O Jung was born in the year 1938 in a small farm-town in Choong-Nam County, Korea. Enrolling in the Surabul Art College, Seoul in 1958 he studied privately under well-known artists including So Jung, Bun Kwan Shik, from whom he learned the basic techniques of Oriental Painting. Several of his paintings were accepted by the National Contest Exhibition and he taught high school in Korea. O Jung took part in many collective exhibitions and had a dozen one-man shows in Korea and abroad. In 1973 he was one of 13 artists invited to the Bando Gallery in Seoul for its exhibition of Western and Oriental painting in Korea. Three years later he was teaching at Choong-Ang University. He became interested in plants and began to paint most kinds of flowers. He started to exhibit his favorite themes: persimmons, banana plants, and water lillies in 1978. He painted persimmons in many forms not limited to realism but extending into platicism and abstraction.

O Jung was chosen as a member of the Korean Artists Association in 1977 and belonged to a committee responsible for accepting works for its exhibitions. The first time his work was introduced through one of its shows was in 1977 in Japan for Asian Artists. He was sent to the show as a representative of Korea. In 1979 his work was sent to Venezuela for exhibition. O Jung wanted to expand his artistic world internationally and for this reason he traveled to many countries in both Asia and Europe.
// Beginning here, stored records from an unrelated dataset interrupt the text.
Lemma probe_side_mid_bounds : (0 < d)%N -> [/\ d%:R * probe_side <= 1/16,
  2 * probe_side <= probe_mid & d%:R * (probe_mid + probe_side) <= 9/16].
Proof.
move=> d0; have D1 : 1 <= d%:R :> R by rewrite ler1n.
have side_gt0 := probe_side_gt0 d0.
have side_dd : 16 * (d%:R * d%:R) * probe_side = 1.
  by rewrite /probe_side -expr2 mulfV // lt0r_neq0 // mulr_gt0 // exprn_gt0 // ltr0n.
rewrite /probe_mid; split; nra.
Qed.

Lemma probe_cube_sub_convex (K : set V) : (0 < d)%N -> convex_set K ->
  (forall j, (j <= d)%N -> exists2 y, K y & cube (probe j) probe_side y) ->
  cube (probe d.+1) probe_side `<=` K.
Proof.
move=> d0 cK hit y /cubeP ycube.
have side_gt0 := probe_side_gt0 d0.
have [x0 Kx0 /cubeP x0cube] := hit d (leqnn d).
have hit_vertex (k : 'I_d) : exists p, K p /\ cube (probe k) probe_side p.
  by have [|p] := hit k; [exact: ltnW|exists p].
have [x xP] := choice hit_vertex.
have x0E i : 0 <= x0 ord0 i <= probe_side.
  by have := x0cube i; rewrite /probe leqnn mxE ltn_eqF // add0r.
have xE k i : (k == i)%:R <= x k ord0 i <= (k == i)%:R + probe_side.
  by case: (xP k) => _ /cubeP /(_ i); rewrite /probe ltnW // mxE eq_sym.
have yE i : probe_mid <= y ord0 i <= probe_mid + probe_side.
  by have := ycube i; rewrite /probe ltnn mxE.
have [side_le mid_ge mid_le] := probe_side_mid_bounds d0.
have [t [t0 t1 ->]] :=
  perturbed_simplex_hull (ltW side_gt0) side_le mid_ge mid_le x0E xE yE.
by apply: convex_set_affine_comb => // k; case: (xP k).
Qed.

Lemma convex_cube_prob_probe_eq1 (K : set (borelRd R d)) : (0 < d)%N -> closed K ->
  convex_set K -> (forall j, (j <= d)%N -> cube_prob (probe j) probe_side K != 0%E) ->
  cube_prob (probe d.+1) probe_side K = 1%E.
Proof.
move=> d0 cK cvK pos; have mK := measurable_closed cK.
apply: cube_prob_eq1 => //; first exact/ltW/probe_side_gt0.
apply: probe_cube_sub_convex => // j jd.
by apply: cube_prob_neq0_meets (pos j jd) => //; exact/ltW/probe_side_gt0.
Qed.

End probes.

Theorem mainTheorem4 (R : realType) (d r : nat) :
  (1 <= d)%N -> (2 <= r)%N ->
  forall M : nat, equipart_property R d (2 * r - 1) r M -> (M <= d + 1)%N.
Proof.
move=> d0 r2 M equi; rewrite leqNgt; apply/negP => Mgt.
pose mu (j : 'I_M) := cube_prob (probe R d j) (probe_side R d).
have [|K [[Kcc _ _] [l mu_l]]] := equi mu.
  by move=> j; exact/cube_prob_abs_continuous/probe_side_gt0.
have [||i0 mu_K] := equipartition_single_part _ _ mu_l; [lia|lia|].
have [Kcl Kcv] := Kcc i0.
have r_inv_gt0 : (0 < (r%:R^-1 : R)%:E)%E by rewrite lte_fin invr_gt0 ltr0n; lia.
have last_probe : (d.+1 < M)%N by lia.
have K_full : mu (Ordinal last_probe) (K i0) = 1%E.
  rewrite /mu /=; apply: convex_cube_prob_probe_eq1 => // j jd.
  by have := mu_K (Ordinal (_ : j < M)%N); rewrite /mu /= => ->; [rewrite gt_eqF|lia].
move: (mu_K (Ordinal last_probe)); rewrite K_full => /eqP.
by rewrite eqe eq_sym invr_eq1 pnatr_eq1; lia.
Qed.
(* Let $X$ be a topological space, $Y$ a $T_1$ topological space, $\pi: X \to Y$ a continuous surjection, and $y \in Y$. Let $Y^y$ be the quotient space of $X$ obtained by identifying each fiber $\pi^{-1}(y')$ with $y' \neq y$ to a single point while leaving every point of $\pi^{-1}(y)$ as its own class, let $p^y: X \to Y^y$ be the quotient map, and let $\pi^y: Y^y \to Y$ be the unique map with $\pi = \pi^y \circ p^y$. Then the restriction $p^y|_{\pi^{-1}(y)}: \pi^{-1}(y) \to (\pi^y)^{-1}(y)$ is a homeomorphism (with the subspace topologies from $X$ and $Y^y$ respectively). *)

From HB Require Import structures.
From mathcomp Require Import all_boot all_order all_algebra.
From mathcomp Require Import all_classical all_reals all_analysis.
From mathcomp Require Import generic_quotient.

Set Implicit Arguments.
Unset Strict Implicit.
Unset Printing Implicit Defensive.

Local Open Scope classical_set_scope.
Local Open Scope quotient_scope.

Definition homeomorphism {A B : topologicalType} (f : A -> B) : Prop :=
  exists g : B -> A, [/\ cancel f g, cancel g f, continuous f & continuous g].

(* The equivalence relation on X whose classes are the fibers pi^-1(y')
   for y' <> y, and the singletons {x} for x in pi^-1(y). *)
Definition fiber_relb {X Y : topologicalType} (pi : X -> Y) (y : Y) : rel X :=
  fun x1 x2 => (x1 == x2) || ((pi x1 == pi x2) && (pi x1 != y)).

Lemma fiber_relb_equiv {X Y : topologicalType} (pi : X -> Y) (y : Y) :
  equiv_class_of (fiber_relb pi y).
Proof.
split.
- by move=> x; rewrite /fiber_relb eqxx.
- move=> a b; rewrite /fiber_relb eq_sym; congr (_ || _).
  by case: (eqVneq (pi a) (pi b)) => [->|]; rewrite ?andbF // eq_sym.
- move=> b a c; rewrite /fiber_relb.
  case/orP => [/eqP -> //|/andP[/eqP ab ay]].
  case/orP => [/eqP <-|/andP[/eqP bc by_]].
    by rewrite ab eqxx -ab ay orbT.
  by rewrite ab bc eqxx -bc -ab (negbTE ay) orbT.
Qed.

Definition fiber_rel {X Y : topologicalType} (pi : X -> Y) (y : Y) :
  equiv_rel X := EquivRelPack (fiber_relb_equiv pi y).

Notation Yy f z := (quotient_topology {eq_quot (fiber_rel f z)}).

Definition py {X Y : topologicalType} (pi : X -> Y) (y : Y) : X -> Yy pi y :=
  \pi_(Yy pi y).

Definition piy {X Y : topologicalType} (pi : X -> Y) (y : Y) : Yy pi y -> Y :=
  fun q => pi (repr q).
Arguments piy {X Y} pi y q.
Arguments py {X Y} pi y x.

Lemma piyK {X Y : topologicalType} (pi : X -> Y) (y : Y) (x : X) :
  piy pi y (py pi y x) = pi x.
Proof.
rewrite /piy /py.
have : fiber_relb pi y (repr (\pi_(Yy pi y) x)) x.
  change (fiber_rel pi y (repr (\pi_(Yy pi y) x)) x).
  by apply/eqmodP; rewrite reprK.
by rewrite /fiber_relb => /orP[/eqP -> //|/andP[/eqP -> _]].
Qed.

Definition py_restr {X Y : topologicalType} (pi : X -> Y) (y : Y)
  (x : set_type (pi @^-1` [set y])) : set_type (piy pi y @^-1` [set y]) :=
  exist _ (py pi y (val x))
    (mem_set (etrans (piyK pi y (val x)) (set_mem (valP x)))).
Arguments py_restr {X Y} pi y x.

(* The inverse of p^y on the fiber over y is [repr].  It is continuous because
   an open set U of X meets pi^-1(y) in the same points as the open set
   V = U ∪ pi^-1(Y \ {y}) (open since {y} is closed), and V is a union of
   classes, so its image under the quotient map is open in Y^y. *)

From HB Require Import structures.
From mathcomp Require Import all_boot all_order all_algebra.
From mathcomp Require Import all_classical all_reals all_analysis.
From mathcomp Require Import generic_quotient.

Set Implicit Arguments.
Unset Strict Implicit.
Unset Printing Implicit Defensive.

Local Open Scope classical_set_scope.
Local Open Scope quotient_scope.

Lemma open_pi_image (T : topologicalType) (Q : quotType T) (V : set T) :
  let piQ := \pi_(quotient_topology Q) in
  open V -> (forall a b, piQ a = piQ b -> V b -> V a) -> open (piQ @` V).
Proof.
move=> piQ oV satV; rewrite /open /= /quotient_open.
suff -> : piQ @^-1` (piQ @` V) = V by [].
rewrite eqEsubset; split => [a [b Vb ab]|a Va]; last by exists a.
exact: satV (esym ab) Vb.
Qed.

Section fiber_quotient.
Context (X Y : topologicalType) (pi : X -> Y) (y : Y).

Lemma eq_py (a b : X) : py pi y a = py pi y b <-> fiber_relb pi y a b.
Proof.
by split=> [ab|r]; [change (fiber_rel pi y a b); apply/eqmodP|apply/eqmodP].
Qed.

Lemma py_fiberK (x : X) : pi x = y -> repr (py pi y x) = x.
Proof.
move=> pxy; have /eq_py : py pi y (repr (py pi y x)) = py pi y x.
  by rewrite /py reprK.
by rewrite /fiber_relb => /orP[/eqP //|/andP[/eqP ->]]; rewrite pxy eqxx.
Qed.

Definition py_restr_inv (q : set_type (piy pi y @^-1` [set y])) :
    set_type (pi @^-1` [set y]) :=
  exist _ (repr (val q)) (valP q).

Lemma py_restrK : cancel (py_restr pi y) py_restr_inv.
Proof.
move=> [x xy]; apply: eq_sig_hprop => [*|/=]; first exact: Prop_irrelevance.
exact/py_fiberK/set_mem.
Qed.

Lemma py_restr_invK : cancel py_restr_inv (py_restr pi y).
Proof.
move=> [q qy]; apply: eq_sig_hprop => [*|/=]; first exact: Prop_irrelevance.
by rewrite /py reprK.
Qed.

Lemma py_restr_continuous : continuous (py_restr pi y).
Proof.
apply: continuous_comp_initial => x.
apply: (@continuous_comp _ X); first exact: initial_continuous.
exact: pi_continuous.
Qed.

Lemma py_restr_inv_continuous :
  closed [set y] -> continuous pi -> continuous py_restr_inv.
Proof.
move=> cly cpi; apply: continuous_comp_initial; apply/continuousP => U oU.
pose V := U `|` pi @^-1` (~` [set y]).
have oV : open V.
  by apply: openU => //; apply: (continuousP _).1 cpi _ (closed_openC cly).
have satV a b : py pi y a = py pi y b -> V b -> V a.
  move/eq_py => /orP[/eqP -> //|/andP[/eqP ab ay] _].
  by right; apply/eqP.
exists (py pi y @` V); first exact: open_pi_image.
rewrite eqEsubset; split => [[q qy] /= [v Vv vq]|[q qy] /= Uq].
  have {}vq : py pi y v = q := vq.
  have pvy : pi v = y by rewrite -(piyK pi y v) vq; exact: set_mem qy.
  by case: Vv => // Uv; change (U (repr q)); rewrite -vq py_fiberK.
by exists (repr q); [left|rewrite /py reprK].
Qed.

End fiber_quotient.
Arguments py_restr_inv {X Y} pi y q.

Theorem proposition4p1 (X Y : topologicalType) (pi : X -> Y) (y : Y) :
  accessible_space Y -> continuous pi -> (forall y' : Y, exists x : X, pi x = y') ->
  homeomorphism (py_restr pi y).
Proof.
move=> T1 cpi _; exists (py_restr_inv pi y); split.
- exact: py_restrK.
- exact: py_restr_invK.
- exact: py_restr_continuous.
- have cly : closed [set y] by move=> ?; exact: accessible_closed_set1.
  exact: py_restr_inv_continuous cly cpi.
Qed.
He also took part in a group exhibition in 1980 with artists from Korea, China, and Japan and had one-man exhibitions in Arabia and New York. In 1984 he traveled to San Francisco for another one-man show and in the same year was given a solo exhibition by the National Museum in Sweden. In 1995 he began to paint large scale paintings during a stay in New York as a distinguished professor at Mercy College, however, his interest in the small world never went away. It is also during this stay the O Jung invented the technique of Woodcarved painting. He continues to experiment with forms and techniques in order to widen his diversity and range of esthetical and emotional experiences.

Woodcarved Painting

O Jung begins with a sheet of wood and carves out his desired object’s shape in it in order to get the volume of it. The process is not limited to wood. Any medium, such as stone, can be used. Then it would be called Stonecarved Painting, but the esthetic remains the same. The next step is quite interesting; He fills the impressions with the raw material used for paper production and allows it to dry. When the paper is removed from the wood the result is a raised impression of the object –a sort-of three dimensional paper. He then proceeds to paint over this paper to create the finished painting. In his paintings, volume appears as a symbol, concept, rhythm, or motion whose effect is increased by his technical brushstrokes. It is in this method that he presents his solution for two-dimensional painting in a three-dimensional world. He had learned to paint from nature and could readily abstract subject matter by virtue of his primary commitment to the landscape and still life –motifs free of the psychological tensions implicit in the human image.